*DATA SHOWN*.

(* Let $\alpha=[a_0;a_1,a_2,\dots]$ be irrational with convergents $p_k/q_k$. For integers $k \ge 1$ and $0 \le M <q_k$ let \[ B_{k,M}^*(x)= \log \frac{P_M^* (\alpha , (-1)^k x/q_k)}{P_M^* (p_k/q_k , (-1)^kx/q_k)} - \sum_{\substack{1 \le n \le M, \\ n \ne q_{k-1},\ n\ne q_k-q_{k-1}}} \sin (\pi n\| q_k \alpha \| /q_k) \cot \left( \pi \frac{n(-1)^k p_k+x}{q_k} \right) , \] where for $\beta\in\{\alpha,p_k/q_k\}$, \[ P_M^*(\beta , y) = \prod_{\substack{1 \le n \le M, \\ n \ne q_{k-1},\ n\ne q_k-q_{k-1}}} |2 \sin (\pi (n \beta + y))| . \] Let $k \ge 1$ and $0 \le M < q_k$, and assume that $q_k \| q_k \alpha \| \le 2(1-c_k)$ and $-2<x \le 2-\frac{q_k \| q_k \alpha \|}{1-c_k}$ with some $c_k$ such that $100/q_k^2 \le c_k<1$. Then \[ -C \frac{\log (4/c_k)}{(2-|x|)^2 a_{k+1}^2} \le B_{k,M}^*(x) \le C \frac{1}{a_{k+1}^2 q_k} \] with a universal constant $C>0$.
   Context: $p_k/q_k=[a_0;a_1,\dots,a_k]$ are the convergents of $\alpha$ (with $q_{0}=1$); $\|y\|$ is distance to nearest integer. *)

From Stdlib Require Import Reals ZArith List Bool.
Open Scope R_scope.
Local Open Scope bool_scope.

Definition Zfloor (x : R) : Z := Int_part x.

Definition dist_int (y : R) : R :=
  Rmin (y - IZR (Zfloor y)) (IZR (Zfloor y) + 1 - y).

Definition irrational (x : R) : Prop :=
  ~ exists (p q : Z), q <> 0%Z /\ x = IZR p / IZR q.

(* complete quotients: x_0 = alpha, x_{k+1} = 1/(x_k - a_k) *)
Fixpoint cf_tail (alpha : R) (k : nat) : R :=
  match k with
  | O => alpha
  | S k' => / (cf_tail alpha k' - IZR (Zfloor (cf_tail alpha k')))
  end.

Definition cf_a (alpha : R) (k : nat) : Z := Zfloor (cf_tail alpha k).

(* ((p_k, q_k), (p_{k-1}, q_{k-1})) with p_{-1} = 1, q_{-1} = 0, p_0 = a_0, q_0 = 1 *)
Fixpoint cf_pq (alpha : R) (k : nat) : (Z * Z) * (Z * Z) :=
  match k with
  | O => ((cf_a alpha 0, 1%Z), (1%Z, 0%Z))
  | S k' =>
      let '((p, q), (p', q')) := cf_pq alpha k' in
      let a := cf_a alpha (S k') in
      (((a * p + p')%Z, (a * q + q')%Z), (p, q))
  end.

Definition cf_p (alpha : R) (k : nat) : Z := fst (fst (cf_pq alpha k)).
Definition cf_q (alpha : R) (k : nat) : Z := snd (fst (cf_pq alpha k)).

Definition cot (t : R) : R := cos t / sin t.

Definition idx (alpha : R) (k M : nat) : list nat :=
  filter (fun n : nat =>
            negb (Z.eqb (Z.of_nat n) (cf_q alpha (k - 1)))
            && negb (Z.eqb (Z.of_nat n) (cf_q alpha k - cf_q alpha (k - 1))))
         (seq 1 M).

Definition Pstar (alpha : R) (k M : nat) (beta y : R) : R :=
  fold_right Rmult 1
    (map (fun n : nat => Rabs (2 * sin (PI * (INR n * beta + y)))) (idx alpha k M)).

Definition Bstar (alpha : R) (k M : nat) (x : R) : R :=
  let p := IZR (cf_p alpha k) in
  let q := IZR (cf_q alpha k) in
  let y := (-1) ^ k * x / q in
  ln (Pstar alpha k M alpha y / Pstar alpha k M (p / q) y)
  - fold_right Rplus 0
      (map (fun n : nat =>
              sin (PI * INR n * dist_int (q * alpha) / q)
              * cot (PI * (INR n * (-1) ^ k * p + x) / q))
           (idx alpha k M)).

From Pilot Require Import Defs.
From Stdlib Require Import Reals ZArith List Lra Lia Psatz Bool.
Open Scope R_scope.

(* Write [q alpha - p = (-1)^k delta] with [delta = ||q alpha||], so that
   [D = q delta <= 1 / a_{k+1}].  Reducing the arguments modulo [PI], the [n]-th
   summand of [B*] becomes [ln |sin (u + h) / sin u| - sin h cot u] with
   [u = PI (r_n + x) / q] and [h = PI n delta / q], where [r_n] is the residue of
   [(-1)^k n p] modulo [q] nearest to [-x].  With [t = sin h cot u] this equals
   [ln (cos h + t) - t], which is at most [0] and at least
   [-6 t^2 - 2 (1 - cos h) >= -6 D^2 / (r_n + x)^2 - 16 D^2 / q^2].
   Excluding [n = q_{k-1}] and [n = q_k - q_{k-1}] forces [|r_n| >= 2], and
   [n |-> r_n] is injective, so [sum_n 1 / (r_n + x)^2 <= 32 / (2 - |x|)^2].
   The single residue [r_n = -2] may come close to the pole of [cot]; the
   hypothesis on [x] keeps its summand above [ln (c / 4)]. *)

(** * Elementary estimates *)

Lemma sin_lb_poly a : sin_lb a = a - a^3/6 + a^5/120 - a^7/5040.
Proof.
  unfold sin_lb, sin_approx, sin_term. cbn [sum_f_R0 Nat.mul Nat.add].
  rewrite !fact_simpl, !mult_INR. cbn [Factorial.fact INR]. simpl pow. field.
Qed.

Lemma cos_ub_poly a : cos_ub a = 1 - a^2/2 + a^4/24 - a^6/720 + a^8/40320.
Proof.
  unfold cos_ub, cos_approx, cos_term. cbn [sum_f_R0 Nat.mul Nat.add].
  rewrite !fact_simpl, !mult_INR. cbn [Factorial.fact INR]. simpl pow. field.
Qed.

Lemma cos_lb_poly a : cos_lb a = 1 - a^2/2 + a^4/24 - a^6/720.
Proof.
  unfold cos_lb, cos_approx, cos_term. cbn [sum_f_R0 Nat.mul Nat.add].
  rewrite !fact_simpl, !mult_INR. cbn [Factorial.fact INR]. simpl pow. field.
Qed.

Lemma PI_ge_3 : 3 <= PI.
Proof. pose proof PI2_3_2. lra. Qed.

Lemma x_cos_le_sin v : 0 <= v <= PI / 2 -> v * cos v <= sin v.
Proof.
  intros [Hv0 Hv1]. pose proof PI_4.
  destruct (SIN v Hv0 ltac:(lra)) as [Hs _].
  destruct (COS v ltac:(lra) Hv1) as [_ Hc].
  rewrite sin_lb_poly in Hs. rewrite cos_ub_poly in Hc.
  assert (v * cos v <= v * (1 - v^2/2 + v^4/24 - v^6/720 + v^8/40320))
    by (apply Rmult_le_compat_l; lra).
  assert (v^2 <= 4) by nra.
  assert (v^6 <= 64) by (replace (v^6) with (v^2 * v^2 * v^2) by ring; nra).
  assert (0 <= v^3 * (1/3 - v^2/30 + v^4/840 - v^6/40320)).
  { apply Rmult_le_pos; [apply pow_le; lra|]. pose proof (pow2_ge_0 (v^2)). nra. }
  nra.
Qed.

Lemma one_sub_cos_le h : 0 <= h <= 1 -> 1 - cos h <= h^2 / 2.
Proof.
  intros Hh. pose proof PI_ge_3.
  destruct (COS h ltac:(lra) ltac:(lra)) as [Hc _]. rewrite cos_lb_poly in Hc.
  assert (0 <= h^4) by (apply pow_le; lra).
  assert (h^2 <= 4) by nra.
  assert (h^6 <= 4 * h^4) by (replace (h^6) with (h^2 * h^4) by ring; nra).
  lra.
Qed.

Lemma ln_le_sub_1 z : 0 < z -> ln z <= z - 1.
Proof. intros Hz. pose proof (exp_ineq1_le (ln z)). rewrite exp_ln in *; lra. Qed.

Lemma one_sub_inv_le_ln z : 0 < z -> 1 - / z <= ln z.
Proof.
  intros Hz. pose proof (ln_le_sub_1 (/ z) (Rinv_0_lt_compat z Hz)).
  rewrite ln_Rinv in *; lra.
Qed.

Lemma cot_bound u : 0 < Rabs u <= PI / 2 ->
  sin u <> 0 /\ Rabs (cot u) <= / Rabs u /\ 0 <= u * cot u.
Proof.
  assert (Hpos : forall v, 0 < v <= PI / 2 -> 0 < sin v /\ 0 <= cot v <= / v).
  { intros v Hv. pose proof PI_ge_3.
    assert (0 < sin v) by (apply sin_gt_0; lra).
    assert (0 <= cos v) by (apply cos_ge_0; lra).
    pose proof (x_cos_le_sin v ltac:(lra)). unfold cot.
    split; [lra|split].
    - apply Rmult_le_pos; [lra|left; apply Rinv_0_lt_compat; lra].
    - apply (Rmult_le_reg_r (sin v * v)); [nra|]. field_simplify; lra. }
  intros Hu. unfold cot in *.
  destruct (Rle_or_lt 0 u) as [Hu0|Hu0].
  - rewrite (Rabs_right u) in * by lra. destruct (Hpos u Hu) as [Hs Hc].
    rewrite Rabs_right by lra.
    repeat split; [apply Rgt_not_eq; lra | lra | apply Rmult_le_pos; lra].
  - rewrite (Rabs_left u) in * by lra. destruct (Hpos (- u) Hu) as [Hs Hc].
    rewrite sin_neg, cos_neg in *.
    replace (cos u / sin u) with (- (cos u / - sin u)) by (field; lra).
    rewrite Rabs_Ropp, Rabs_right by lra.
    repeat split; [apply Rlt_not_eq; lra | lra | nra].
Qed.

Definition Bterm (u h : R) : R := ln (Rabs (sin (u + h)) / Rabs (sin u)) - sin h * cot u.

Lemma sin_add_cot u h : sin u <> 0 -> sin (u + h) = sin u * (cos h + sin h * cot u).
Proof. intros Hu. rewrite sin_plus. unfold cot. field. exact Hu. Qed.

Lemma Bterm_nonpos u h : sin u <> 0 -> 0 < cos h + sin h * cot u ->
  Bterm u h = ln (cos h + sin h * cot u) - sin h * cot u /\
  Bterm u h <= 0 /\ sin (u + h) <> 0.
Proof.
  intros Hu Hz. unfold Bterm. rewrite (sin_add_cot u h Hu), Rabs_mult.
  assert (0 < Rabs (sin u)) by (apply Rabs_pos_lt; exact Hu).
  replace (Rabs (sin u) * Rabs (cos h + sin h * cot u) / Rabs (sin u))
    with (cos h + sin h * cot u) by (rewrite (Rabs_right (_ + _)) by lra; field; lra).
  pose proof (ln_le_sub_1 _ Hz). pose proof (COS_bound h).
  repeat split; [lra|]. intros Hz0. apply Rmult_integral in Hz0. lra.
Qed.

*WORK ORDER*.
Transcribe the records above exactly, beginning at the line that contains "Hv. pose proof PI_ge_3." and ending with the line that contains "rewrite Rabs_Ropp, Rabs_right by lra.", both included, and nothing else.

*PROBLEM SOLUTION*.
  { intros v Hv. pose proof PI_ge_3.
    assert (0 < sin v) by (apply sin_gt_0; lra).
    assert (0 <= cos v) by (apply cos_ge_0; lra).
    pose proof (x_cos_le_sin v ltac:(lra)). unfold cot.
    split; [lra|split].
    - apply Rmult_le_pos; [lra|left; apply Rinv_0_lt_compat; lra].
    - apply (Rmult_le_reg_r (sin v * v)); [nra|]. field_simplify; lra. }
  intros Hu. unfold cot in *.
  destruct (Rle_or_lt 0 u) as [Hu0|Hu0].
  - rewrite (Rabs_right u) in * by lra. destruct (Hpos u Hu) as [Hs Hc].
    rewrite Rabs_right by lra.
    repeat split; [apply Rgt_not_eq; lra | lra | apply Rmult_le_pos; lra].
  - rewrite (Rabs_left u) in * by lra. destruct (Hpos (- u) Hu) as [Hs Hc].
    rewrite sin_neg, cos_neg in *.
    replace (cos u / sin u) with (- (cos u / - sin u)) by (field; lra).
    rewrite Rabs_Ropp, Rabs_right by lra.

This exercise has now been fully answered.